By Moleboheng Mahasa:
I cannot run away from him. No I can't. No place is too far, too high, too low, too hidden, and too dark. I get lost through the cobbled labyrinth of life. I go around in circles, winding up at the same place often. I choke on the clouds of dust rising from beneath my feet as I run further and further away. I do not realise that I am headed in the wrong direction. I look at the lines of pain etched on my face, a familiar pathway for my tears. I feel helpless. I gasp for air as I drown in my own sorrows, sinking deeper and deeper as I try doing it on my own. In my dark corner I hide, surrounded by the vile stench of fear. I pull ostrich tricks, thinking that hiding from him means that he cannot see me.
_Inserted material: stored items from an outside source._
(* Let $(G,\lambda)$ be a matching problem, $G=(V,E)$ a finite simple graph and $\lambda\in\mathbb{R}_{>0}^n$, and consider the condition (C): $\sum_{i\in V(\mathcal{I})}\lambda_i>\frac12\sum_{i\in V}\lambda_i$ for every independent set $\mathcal{I}$ of $G$, where $V(\mathcal{I})=\bigcup_{i\in\mathcal{I}}V_i$. If either (i) $G$ is a complete graph with $n\ge3$ nodes, or (ii) $G$ is the diamond graph ($V=\{1,2,3,4\}$, $E=\{\{1,2\},\{1,3\},\{2,3\},\{2,4\},\{3,4\}\}$), then stabilizability of $(G,\lambda)$ implies (C), and therefore $(G,\lambda,\Phi)$ is stable for every greedy policy $\Phi$ adapted to $G$. If either (iii) $G$ has diameter at least $3$, or (iv) $G$ contains a node of degree $1$, then (C) is never satisfied.
   Context: $V_i$ is the set of neighbours of $i$; an independent set is a non-empty set of pairwise non-adjacent nodes. Matching model: classes arrive as independent Poisson processes of rates $\lambda_i$; classes $i,j$ matchable iff $\{i,j\}\in E$; unmatched items wait. A policy adapted to $G$: countable state space with queue-size map $|\cdot|$ and unique empty state, probabilities $\Phi(s,i,j,s')$ of matching an arriving class-$i$ item with a waiting neighbour class $j$ or leaving it unmatched ($j=\bot$), new state consistent with queue sizes, irreducible state chain from the empty state. Greedy: no arriving item is left unmatched while a compatible item is waiting. Stable: the state chain is positive recurrent; $(G,\lambda)$ is stabilizable if some policy makes it stable. *)

From HB Require Import structures.
From mathcomp Require Import all_boot all_order all_algebra.
From mathcomp Require Import all_classical all_reals all_analysis.
From Stdlib Require Import Relation_Operators.

Set Implicit Arguments.
Unset Strict Implicit.
Unset Printing Implicit Defensive.

Import Order.TTheory GRing.Theory Num.Theory.
Local Open Scope ring_scope.

Definition simple_graph (n : nat) (e : rel 'I_n) : Prop :=
  symmetric e /\ irreflexive e.

Definition nbhd (n : nat) (e : rel 'I_n) (i : 'I_n) : {set 'I_n} :=
  [set j | e i j].

Definition independent (n : nat) (e : rel 'I_n) (I : {set 'I_n}) : bool :=
  (0 < #|I|)%N && [forall i in I, forall j in I, ~~ e i j].

Definition nbhd_set (n : nat) (e : rel 'I_n) (I : {set 'I_n}) : {set 'I_n} :=
  \bigcup_(i in I) nbhd e i.

Definition condC (R : realType) (n : nat) (e : rel 'I_n) (lam : 'I_n -> R)
  : Prop :=
  forall I : {set 'I_n}, independent e I ->
    \sum_(i in nbhd_set e I) lam i > 2^-1 * \sum_(i : 'I_n) lam i.

Definition complete_graph (n : nat) (e : rel 'I_n) : Prop :=
  forall x y, e x y = (x != y).

(* The diamond graph on {1,2,3,4}, encoded on 'I_4 = {0,1,2,3} via
   node k |-> k-1: edges {1,2},{1,3},{2,3},{2,4},{3,4}. *)
Definition diamond_edge (x y : nat) : bool :=
  [|| (x == 0) && (y == 1), (x == 0) && (y == 2), (x == 1) && (y == 2),
      (x == 1) && (y == 3) | (x == 2) && (y == 3)]%N.

Definition diamond_rel : rel 'I_4 :=
  fun x y => diamond_edge x y || diamond_edge y x.

Fixpoint within (n : nat) (e : rel 'I_n) (k : nat) (x y : 'I_n) : bool :=
  match k with
  | 0 => x == y
  | k'.+1 => within e k' x y || [exists z, e x z && within e k' z y]
  end.

(* diameter >= 3 : some pair of nodes is at distance >= 3 (distance is
   +infinity between different connected components) *)
Definition diameter_ge3 (n : nat) (e : rel 'I_n) : Prop :=
  exists x y : 'I_n, ~~ within e 2 x y.

Definition degree (n : nat) (e : rel 'I_n) (x : 'I_n) : nat := #|nbhd e x|.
If only I understood, that he knows not the meaning of labyrinth. If only I understood, that a circle, to him means completeness. Shouldn't I already know, I was meant to be running towards him? Isn't it common knowledge that he will give me joy for that pain I carry around religiously without fail? He is the air I breathe. His probing wise eyes miss no dark corners. He is forever shining his light upon me. His eyes go to and fro, watching over me, compelling me to surrender. And I have come to this realisation – I can NEVER outrun, outsmart or outmanoeuvre the goodness and mercy that have been summoned to follow me the rest of my life. I can't run away from him, no I can't.